◆ What you will do: Copy exactly, please, each line of the data below until the line that contains "Definition red_edge (U" has been copied, beginning at the top.

Extracted data entries
════════════════════

(* For each integer $n\geq 2$, the Kneser graph $K(n,2)$ satisfies $\operatorname{tww}(K(n,2))=\operatorname{lb}_1(K(n,2))$, and this value equals $2(n-3)$ if $n\geq 5$ and $0$ otherwise.
   Context: All graphs are finite and simple. The Kneser graph $K(n,2)$ has vertex set the 2-element subsets of $\{1,\dots,n\}$, two vertices being adjacent iff they are disjoint. A trigraph is a graph whose edges are each colored red or black; a graph is viewed as a trigraph with all edges black; the red degree of a vertex is the number of red edges incident to it. For a partition $\mathcal{P}$ of $V(G)$, the quotient trigraph $G/\mathcal{P}$ has vertex set $\mathcal{P}$; two distinct parts $U,W$ are joined by a black edge if every pair $\{u,w\}$ with $u\in U,w\in W$ is a black edge of $G$, are non-adjacent if no such pair is an edge, and are joined by a red edge otherwise. A contraction sequence of an $N$-vertex trigraph $G$ is a sequence $\mathcal{P}_N,\dots,\mathcal{P}_1$ of partitions of $V(G)$ where $\mathcal{P}_N$ is the partition into singletons and each $\mathcal{P}_i$ arises from $\mathcal{P}_{i+1}$ by merging two parts; its width is the maximum red degree over all $G/\mathcal{P}_i$, and $\operatorname{tww}(G)$ is the minimum width of a contraction sequence. For $|V(G)|\geq 2$, $\operatorname{lb}_1(G)$ is the minimum over all 2-element subsets $\{u,v\}\subseteq V(G)$ of the maximum red degree of $G/\mathcal{P}$ where $\mathcal{P}$ has $\{u,v\}$ as its only non-singleton part; $\operatorname{lb}_1(G)=0$ if $|V(G)|=1$. *)

From mathcomp Require Import all_boot.
Set Implicit Arguments. Unset Strict Implicit. Unset Printing Implicit Defensive.

Section TwinWidth.
Variable T : finType.
Variable e : rel T.

Definition simple_graph := symmetric e /\ irreflexive e.

Definition red_edge (U W : {set T}) : bool :=
  [exists u in U, exists w in W, e u w] &&
  [exists u in U, exists w in W, ~~ e u w].

Definition red_degree (P : {set {set T}}) (U : {set T}) : nat :=
  #|[set W in P | (W != U) && red_edge U W]|.

Definition max_red_degree (P : {set {set T}}) : nat :=
  \max_(U in P) red_degree P U.

Definition singleton_partition : {set {set T}} := [set [set x] | x : T].

Definition merge_step (P P' : {set {set T}}) : bool :=
  [exists U in P, exists W in P,
     (U != W) && (P' == (P :\ U :\ W) :|: [set U :|: W])].

Definition contraction_sequence (s : seq {set {set T}}) : Prop :=
  exists rest, s = singleton_partition :: rest /\
    path merge_step singleton_partition rest /\
    #|last singleton_partition rest| = 1.

Definition cs_width (s : seq {set {set T}}) : nat :=
  \max_(P <- s) max_red_degree P.

Definition tww_is (d : nat) : Prop :=
  (exists s, contraction_sequence s /\ cs_width s = d) /\
  (forall s, contraction_sequence s -> d <= cs_width s).

Definition pair_partition (u v : T) : {set {set T}} :=
  [set [set u; v]] :|: [set [set x] | x in [set: T] :\ u :\ v].

(* lb_1: min over 2-subsets {u,v} of max red degree of G/P_{uv};
   0 if |V| = 1 (the default #|T| is never attained otherwise since red
   degrees are < #|T|). *)
Definition lb1 : nat :=
  if #|T| <= 1 then 0 else
  \big[minn/#|T|]_(u : T) \big[minn/#|T|]_(v : T | u != v)
     max_red_degree (pair_partition u v).

End TwinWidth.

(* Kneser graph K(n,2): vertices are 2-element subsets of {0,...,n-1}
   (i.e. of {1..n} shifted), adjacent iff disjoint. *)
Definition kneser_vertex (n : nat) := {A : {set 'I_n} | #|A| == 2}.

Definition kneser_rel (n : nat) : rel (kneser_vertex n) :=
  fun A B => [disjoint val A & val B].
Arguments kneser_rel n : clear implicits.

From mathcomp Require Import all_boot zify.
Set Implicit Arguments. Unset Strict Implicit. Unset Printing Implicit Defensive.

(* Lower bound: whichever pair u, v is contracted first, the part {u, v} has a
   red edge to every singleton {y, x} with y in exactly one of u, v and x in
   neither; for n >= 5 there are at least 2(n - 3) of them, and the first
   contraction of any sequence is such a pair partition.
   Upper bound: an explicit sequence whose intermediate partitions consist of
   the block of all pairs inside [t, n), for each a < t the star of the pairs
   {a, b} with b >= t, and singletons.  It moves from t to t - 1 by absorbing
   the singletons {k, t - 1} into the stars of k one at a time, and then
   merging the star of t - 1 into the block; no part ever has more than
   2(n - 3) red neighbours.  For n = 4 the graph is a perfect matching and
   contracting its edges first gives width 0; for n <= 3 it has no edges. *)

Section Quotients.
Variables (T : finType) (e : rel T).

Lemma red_edgeP (U W : {set T}) :
  reflect (exists u w u' w',
             [/\ u \in U, w \in W, u' \in U, w' \in W & e u w && ~~ e u' w'])
          (red_edge e U W).
Proof.
apply: (iffP andP) => [[/existsP[u /andP[uU /existsP[w /andP[wW euw]]]]
                        /existsP[u' /andP[u'U /existsP[w' /andP[w'W nuw]]]]]|].
  by exists u, w, u', w'; rewrite euw.
move=> [u [w [u' [w' [uU wW u'U w'W /andP[euw nuw]]]]]].
split; apply/existsP; [exists u | exists u'];
  rewrite ?uU ?u'U; apply/existsP; [exists w | exists w']; rewrite ?wW ?w'W //.
Qed.

Lemma red_edge_set1 x y : red_edge e [set x] [set y] = false.
Proof.
apply/red_edgeP => -[u [w [u' [w' [/set1P-> /set1P-> /set1P-> /set1P->]]]]].
by case: (e x y).
Qed.

Lemma max_red_degree_singleton_partition :
  max_red_degree e (singleton_partition T) = 0.
Proof.
apply/eqP; rewrite -leqn0; apply/bigmax_leqP => _ /imsetP[x _ ->].
rewrite leqn0 cards_eq0; apply/eqP/setP => W; rewrite !inE.
by apply/negbTE/and3P => -[/imsetP[y _ ->] _]; rewrite red_edge_set1.
Qed.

════════════════════

◆ Reply to the exercise:
(* For each integer $n\geq 2$, the Kneser graph $K(n,2)$ satisfies $\operatorname{tww}(K(n,2))=\operatorname{lb}_1(K(n,2))$, and this value equals $2(n-3)$ if $n\geq 5$ and $0$ otherwise.
   Context: All graphs are finite and simple. The Kneser graph $K(n,2)$ has vertex set the 2-element subsets of $\{1,\dots,n\}$, two vertices being adjacent iff they are disjoint. A trigraph is a graph whose edges are each colored red or black; a graph is viewed as a trigraph with all edges black; the red degree of a vertex is the number of red edges incident to it. For a partition $\mathcal{P}$ of $V(G)$, the quotient trigraph $G/\mathcal{P}$ has vertex set $\mathcal{P}$; two distinct parts $U,W$ are joined by a black edge if every pair $\{u,w\}$ with $u\in U,w\in W$ is a black edge of $G$, are non-adjacent if no such pair is an edge, and are joined by a red edge otherwise. A contraction sequence of an $N$-vertex trigraph $G$ is a sequence $\mathcal{P}_N,\dots,\mathcal{P}_1$ of partitions of $V(G)$ where $\mathcal{P}_N$ is the partition into singletons and each $\mathcal{P}_i$ arises from $\mathcal{P}_{i+1}$ by merging two parts; its width is the maximum red degree over all $G/\mathcal{P}_i$, and $\operatorname{tww}(G)$ is the minimum width of a contraction sequence. For $|V(G)|\geq 2$, $\operatorname{lb}_1(G)$ is the minimum over all 2-element subsets $\{u,v\}\subseteq V(G)$ of the maximum red degree of $G/\mathcal{P}$ where $\mathcal{P}$ has $\{u,v\}$ as its only non-singleton part; $\operatorname{lb}_1(G)=0$ if $|V(G)|=1$. *)

From mathcomp Require Import all_boot.
Set Implicit Arguments. Unset Strict Implicit. Unset Printing Implicit Defensive.

Section TwinWidth.
Variable T : finType.
Variable e : rel T.

Definition simple_graph := symmetric e /\ irreflexive e.

Definition red_edge (U W : {set T}) : bool :=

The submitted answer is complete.